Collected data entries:
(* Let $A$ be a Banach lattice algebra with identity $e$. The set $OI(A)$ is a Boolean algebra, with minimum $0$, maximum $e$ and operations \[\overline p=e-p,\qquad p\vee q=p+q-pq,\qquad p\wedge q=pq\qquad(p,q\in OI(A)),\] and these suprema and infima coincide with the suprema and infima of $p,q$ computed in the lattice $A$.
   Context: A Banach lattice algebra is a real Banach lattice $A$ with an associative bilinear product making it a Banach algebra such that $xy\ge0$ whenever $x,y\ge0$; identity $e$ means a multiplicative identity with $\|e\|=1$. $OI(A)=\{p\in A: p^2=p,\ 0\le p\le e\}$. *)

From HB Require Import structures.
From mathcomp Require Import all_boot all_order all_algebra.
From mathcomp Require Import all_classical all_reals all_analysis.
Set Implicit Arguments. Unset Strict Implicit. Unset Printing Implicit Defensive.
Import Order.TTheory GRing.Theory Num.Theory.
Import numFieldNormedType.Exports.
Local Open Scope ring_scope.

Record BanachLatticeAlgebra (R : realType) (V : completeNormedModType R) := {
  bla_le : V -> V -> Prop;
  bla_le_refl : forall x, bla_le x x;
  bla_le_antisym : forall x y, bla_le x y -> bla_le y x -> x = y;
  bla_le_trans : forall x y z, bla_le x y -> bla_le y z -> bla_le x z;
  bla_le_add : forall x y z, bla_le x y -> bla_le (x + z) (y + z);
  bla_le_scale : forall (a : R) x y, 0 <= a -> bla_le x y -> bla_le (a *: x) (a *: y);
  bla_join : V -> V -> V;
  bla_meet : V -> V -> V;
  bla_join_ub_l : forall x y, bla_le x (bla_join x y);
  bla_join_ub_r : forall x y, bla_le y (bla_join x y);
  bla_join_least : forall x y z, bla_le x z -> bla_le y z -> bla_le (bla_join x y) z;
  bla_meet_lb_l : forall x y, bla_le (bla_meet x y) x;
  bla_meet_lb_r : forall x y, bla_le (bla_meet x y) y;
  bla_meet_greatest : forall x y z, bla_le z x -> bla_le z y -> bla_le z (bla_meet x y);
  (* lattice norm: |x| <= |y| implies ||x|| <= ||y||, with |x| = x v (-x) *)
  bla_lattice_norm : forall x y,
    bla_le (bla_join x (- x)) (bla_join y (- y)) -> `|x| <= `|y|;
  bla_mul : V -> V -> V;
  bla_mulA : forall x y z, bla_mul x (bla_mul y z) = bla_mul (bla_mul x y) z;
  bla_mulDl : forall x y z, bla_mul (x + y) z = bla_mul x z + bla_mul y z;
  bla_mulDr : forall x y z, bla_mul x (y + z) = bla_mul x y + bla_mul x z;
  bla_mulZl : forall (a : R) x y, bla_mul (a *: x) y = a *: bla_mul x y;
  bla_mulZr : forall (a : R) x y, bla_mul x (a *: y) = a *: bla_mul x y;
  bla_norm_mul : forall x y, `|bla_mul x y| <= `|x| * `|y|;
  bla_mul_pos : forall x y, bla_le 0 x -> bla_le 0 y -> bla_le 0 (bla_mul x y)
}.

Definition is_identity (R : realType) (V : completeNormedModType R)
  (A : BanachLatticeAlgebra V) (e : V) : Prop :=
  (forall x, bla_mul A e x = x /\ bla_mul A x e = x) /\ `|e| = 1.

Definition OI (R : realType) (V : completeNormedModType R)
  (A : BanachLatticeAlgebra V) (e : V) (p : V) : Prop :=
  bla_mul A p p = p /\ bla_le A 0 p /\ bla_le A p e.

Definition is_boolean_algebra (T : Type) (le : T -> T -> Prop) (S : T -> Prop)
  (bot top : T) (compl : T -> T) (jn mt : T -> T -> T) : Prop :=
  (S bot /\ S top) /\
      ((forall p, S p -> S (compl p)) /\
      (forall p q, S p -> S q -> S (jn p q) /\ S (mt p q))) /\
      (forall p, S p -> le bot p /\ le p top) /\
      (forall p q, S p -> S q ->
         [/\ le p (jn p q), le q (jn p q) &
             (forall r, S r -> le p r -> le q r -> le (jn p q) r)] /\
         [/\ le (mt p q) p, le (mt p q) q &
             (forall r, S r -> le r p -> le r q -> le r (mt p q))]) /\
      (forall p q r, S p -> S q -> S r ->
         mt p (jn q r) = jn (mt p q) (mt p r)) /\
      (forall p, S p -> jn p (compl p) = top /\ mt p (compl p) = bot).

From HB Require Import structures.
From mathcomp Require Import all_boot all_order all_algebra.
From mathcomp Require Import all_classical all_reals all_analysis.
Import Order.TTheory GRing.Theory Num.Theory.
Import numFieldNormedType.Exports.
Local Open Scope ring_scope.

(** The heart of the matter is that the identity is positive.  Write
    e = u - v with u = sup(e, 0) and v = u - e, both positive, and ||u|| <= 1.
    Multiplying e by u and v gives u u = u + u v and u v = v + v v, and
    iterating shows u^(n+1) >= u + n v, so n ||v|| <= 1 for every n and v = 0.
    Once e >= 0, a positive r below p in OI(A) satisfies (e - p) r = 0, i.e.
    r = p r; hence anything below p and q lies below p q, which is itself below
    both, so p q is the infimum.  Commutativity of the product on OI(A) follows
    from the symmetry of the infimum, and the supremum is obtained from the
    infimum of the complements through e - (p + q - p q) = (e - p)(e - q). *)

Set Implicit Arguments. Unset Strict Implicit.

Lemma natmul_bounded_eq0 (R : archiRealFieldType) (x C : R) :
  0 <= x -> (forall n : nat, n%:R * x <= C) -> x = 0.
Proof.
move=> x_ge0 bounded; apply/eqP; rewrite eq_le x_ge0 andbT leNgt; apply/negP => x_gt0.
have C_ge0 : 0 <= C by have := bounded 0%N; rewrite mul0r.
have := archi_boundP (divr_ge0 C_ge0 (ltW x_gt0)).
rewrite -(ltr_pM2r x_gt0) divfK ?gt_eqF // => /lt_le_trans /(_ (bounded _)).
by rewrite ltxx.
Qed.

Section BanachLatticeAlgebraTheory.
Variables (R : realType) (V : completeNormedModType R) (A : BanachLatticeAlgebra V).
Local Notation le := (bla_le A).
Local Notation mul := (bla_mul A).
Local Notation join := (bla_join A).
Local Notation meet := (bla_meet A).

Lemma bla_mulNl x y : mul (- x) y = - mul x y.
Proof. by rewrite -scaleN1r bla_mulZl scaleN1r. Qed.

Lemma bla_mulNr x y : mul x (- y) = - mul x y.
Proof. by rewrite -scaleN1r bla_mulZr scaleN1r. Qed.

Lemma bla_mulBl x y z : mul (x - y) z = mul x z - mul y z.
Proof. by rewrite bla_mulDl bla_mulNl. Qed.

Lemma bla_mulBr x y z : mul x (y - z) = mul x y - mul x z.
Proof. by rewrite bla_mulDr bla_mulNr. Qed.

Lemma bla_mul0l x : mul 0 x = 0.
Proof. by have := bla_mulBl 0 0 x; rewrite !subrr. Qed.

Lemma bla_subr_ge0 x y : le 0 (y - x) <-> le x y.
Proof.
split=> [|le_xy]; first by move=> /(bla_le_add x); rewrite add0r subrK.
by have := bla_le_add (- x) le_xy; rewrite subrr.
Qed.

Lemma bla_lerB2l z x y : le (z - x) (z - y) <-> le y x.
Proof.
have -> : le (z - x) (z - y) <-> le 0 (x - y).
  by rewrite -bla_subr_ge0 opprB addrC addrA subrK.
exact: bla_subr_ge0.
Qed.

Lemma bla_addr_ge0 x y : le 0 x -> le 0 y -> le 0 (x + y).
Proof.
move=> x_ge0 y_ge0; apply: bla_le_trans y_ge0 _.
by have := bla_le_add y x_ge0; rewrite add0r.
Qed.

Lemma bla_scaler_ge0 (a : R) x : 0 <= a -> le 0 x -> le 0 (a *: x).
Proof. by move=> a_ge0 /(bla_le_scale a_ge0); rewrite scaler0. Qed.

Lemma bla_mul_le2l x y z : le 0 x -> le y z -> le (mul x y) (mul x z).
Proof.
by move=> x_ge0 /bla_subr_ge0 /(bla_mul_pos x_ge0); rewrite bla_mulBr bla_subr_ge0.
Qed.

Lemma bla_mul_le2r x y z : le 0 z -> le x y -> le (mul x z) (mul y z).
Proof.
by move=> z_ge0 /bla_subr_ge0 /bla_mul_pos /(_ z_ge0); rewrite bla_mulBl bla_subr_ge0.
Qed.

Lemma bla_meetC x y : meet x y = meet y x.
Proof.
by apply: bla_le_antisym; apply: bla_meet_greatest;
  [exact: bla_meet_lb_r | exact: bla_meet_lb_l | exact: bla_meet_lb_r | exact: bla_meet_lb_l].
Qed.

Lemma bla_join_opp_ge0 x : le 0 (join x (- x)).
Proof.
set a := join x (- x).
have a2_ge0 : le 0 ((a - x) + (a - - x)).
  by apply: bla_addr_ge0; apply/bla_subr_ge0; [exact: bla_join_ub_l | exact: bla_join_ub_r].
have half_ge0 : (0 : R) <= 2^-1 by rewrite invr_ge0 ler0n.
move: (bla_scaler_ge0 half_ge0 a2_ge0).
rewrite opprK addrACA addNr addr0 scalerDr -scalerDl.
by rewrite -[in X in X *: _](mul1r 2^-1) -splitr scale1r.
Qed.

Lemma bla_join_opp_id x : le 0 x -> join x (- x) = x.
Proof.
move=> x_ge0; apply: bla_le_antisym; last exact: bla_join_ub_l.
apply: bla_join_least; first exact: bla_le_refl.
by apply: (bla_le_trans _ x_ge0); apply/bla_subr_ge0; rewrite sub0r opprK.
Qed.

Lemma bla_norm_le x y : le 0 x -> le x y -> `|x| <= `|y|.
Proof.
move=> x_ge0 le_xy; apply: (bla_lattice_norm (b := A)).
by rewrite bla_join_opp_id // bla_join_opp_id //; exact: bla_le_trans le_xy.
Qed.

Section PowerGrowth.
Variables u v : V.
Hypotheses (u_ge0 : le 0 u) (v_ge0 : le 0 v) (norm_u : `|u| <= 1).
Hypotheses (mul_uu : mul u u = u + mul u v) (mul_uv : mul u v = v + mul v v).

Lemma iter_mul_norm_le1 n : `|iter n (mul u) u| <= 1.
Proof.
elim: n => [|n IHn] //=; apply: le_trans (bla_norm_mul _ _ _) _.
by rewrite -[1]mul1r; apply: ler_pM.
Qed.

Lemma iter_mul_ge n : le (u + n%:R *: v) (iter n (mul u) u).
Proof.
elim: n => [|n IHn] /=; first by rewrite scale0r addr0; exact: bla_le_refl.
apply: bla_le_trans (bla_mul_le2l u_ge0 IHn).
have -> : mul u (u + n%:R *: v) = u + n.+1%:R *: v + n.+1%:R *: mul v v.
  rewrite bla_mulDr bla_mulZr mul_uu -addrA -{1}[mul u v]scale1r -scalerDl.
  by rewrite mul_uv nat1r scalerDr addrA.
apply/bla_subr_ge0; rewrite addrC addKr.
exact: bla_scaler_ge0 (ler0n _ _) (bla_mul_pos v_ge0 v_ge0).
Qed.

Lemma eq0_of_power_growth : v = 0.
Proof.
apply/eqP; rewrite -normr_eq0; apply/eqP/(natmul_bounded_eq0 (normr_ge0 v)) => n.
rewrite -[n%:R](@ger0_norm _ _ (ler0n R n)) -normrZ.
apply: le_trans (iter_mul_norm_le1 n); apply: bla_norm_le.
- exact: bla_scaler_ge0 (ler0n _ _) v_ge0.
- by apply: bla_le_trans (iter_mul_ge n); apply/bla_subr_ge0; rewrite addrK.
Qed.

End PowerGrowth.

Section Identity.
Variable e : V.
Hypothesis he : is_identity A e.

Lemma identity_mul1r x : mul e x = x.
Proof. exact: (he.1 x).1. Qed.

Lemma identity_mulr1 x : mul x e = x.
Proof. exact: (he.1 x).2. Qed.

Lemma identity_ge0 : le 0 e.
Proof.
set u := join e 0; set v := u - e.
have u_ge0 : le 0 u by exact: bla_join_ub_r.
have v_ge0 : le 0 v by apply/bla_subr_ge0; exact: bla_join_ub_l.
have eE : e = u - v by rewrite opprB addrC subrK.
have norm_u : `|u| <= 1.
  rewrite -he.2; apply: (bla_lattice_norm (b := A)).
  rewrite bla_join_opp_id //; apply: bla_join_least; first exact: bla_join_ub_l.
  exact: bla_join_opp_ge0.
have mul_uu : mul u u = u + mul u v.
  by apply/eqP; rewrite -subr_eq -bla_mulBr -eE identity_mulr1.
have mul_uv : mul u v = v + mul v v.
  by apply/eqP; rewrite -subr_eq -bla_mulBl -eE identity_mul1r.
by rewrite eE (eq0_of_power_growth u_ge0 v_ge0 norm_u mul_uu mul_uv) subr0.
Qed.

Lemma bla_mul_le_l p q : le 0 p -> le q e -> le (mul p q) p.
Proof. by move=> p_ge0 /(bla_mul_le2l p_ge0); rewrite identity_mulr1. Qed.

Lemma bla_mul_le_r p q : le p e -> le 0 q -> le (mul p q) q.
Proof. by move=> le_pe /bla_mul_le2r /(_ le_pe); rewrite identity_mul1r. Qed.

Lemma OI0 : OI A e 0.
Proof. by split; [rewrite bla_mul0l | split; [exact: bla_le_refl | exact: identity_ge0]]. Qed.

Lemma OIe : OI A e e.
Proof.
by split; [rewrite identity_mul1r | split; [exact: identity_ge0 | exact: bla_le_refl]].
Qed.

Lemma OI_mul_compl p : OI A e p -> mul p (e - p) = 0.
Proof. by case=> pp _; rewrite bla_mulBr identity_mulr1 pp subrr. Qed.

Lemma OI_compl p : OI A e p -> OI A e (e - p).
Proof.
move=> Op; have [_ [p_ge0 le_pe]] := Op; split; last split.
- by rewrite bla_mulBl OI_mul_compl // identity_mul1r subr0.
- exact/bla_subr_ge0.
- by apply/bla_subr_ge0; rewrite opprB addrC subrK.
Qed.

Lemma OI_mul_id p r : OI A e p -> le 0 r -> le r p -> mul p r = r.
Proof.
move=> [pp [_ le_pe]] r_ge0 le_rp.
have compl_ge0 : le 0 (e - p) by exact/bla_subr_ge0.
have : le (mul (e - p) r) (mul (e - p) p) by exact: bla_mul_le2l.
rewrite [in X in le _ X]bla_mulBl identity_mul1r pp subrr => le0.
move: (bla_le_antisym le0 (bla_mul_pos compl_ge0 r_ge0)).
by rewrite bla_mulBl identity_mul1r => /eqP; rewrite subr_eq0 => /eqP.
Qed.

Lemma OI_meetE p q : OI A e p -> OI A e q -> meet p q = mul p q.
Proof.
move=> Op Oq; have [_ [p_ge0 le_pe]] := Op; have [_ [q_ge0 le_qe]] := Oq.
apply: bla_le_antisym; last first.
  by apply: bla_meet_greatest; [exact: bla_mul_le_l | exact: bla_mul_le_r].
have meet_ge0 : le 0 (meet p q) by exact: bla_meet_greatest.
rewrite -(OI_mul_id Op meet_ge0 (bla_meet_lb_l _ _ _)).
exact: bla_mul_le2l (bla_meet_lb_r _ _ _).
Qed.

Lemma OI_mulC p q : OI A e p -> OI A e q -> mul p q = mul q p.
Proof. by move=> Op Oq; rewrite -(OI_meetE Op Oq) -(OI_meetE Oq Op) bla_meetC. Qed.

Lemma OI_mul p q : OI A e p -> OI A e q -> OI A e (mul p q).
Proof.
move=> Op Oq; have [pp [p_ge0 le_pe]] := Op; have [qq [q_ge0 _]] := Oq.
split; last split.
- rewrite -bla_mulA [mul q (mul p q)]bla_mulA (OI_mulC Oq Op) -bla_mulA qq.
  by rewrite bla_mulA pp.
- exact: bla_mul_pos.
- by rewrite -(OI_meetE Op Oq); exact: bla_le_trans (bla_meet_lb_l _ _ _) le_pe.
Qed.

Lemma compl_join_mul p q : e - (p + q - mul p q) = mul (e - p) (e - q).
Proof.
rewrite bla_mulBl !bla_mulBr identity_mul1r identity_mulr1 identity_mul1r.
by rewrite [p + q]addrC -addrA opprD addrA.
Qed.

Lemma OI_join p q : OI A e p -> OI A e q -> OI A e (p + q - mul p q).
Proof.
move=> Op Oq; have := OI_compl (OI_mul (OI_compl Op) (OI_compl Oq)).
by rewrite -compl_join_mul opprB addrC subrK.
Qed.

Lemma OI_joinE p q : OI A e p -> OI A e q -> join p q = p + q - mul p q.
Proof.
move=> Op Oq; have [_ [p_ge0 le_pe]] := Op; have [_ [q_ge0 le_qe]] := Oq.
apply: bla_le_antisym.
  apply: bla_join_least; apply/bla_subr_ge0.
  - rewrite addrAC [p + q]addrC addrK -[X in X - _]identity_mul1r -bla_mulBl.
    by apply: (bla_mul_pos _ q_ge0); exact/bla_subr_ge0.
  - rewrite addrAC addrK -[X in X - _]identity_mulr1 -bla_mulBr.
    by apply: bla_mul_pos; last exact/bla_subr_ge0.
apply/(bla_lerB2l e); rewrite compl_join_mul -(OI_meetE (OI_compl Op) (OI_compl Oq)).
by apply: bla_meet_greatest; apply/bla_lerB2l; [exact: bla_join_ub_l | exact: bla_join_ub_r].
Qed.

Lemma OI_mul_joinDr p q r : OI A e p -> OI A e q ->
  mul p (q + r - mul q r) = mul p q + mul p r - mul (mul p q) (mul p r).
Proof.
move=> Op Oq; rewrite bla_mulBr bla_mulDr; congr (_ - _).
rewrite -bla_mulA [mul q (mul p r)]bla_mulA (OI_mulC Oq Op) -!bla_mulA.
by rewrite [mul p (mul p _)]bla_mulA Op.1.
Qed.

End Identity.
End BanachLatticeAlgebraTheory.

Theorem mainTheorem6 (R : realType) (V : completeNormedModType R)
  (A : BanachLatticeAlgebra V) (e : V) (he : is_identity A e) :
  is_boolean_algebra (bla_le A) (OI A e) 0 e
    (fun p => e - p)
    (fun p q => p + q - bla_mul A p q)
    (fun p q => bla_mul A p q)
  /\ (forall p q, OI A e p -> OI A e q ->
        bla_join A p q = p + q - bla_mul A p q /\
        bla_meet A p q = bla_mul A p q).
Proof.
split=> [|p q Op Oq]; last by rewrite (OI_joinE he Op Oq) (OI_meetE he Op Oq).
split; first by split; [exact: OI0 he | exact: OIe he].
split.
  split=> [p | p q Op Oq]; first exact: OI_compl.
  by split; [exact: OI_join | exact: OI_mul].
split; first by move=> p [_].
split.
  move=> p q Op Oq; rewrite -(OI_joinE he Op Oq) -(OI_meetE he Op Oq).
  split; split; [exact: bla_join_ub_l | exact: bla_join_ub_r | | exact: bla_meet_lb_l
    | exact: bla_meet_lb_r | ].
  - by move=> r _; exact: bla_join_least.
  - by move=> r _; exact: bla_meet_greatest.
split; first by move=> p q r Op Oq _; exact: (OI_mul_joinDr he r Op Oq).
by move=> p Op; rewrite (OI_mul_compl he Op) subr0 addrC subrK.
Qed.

* Your instructions: Your task is to transcribe exactly the lines from the one with "split=> [|p q" through the end of the data, both included, and nothing besides.

* Reply to the task:
split=> [|p q Op Oq]; last by rewrite (OI_joinE he Op Oq) (OI_meetE he Op Oq).
split; first by split; [exact: OI0 he | exact: OIe he].
split.
  split=> [p | p q Op Oq]; first exact: OI_compl.
  by split; [exact: OI_join | exact: OI_mul].
split; first by move=> p [_].
split.
  move=> p q Op Oq; rewrite -(OI_joinE he Op Oq) -(OI_meetE he Op Oq).
  split; split; [exact: bla_join_ub_l | exact: bla_join_ub_r | | exact: bla_meet_lb_l
    | exact: bla_meet_lb_r | ].
  - by move=> r _; exact: bla_join_least.
  - by move=> r _; exact: bla_meet_greatest.
split; first by move=> p q r Op Oq _; exact: (OI_mul_joinDr he r Op Oq).
by move=> p Op; rewrite (OI_mul_compl he Op) subr0 addrC subrK.
Qed.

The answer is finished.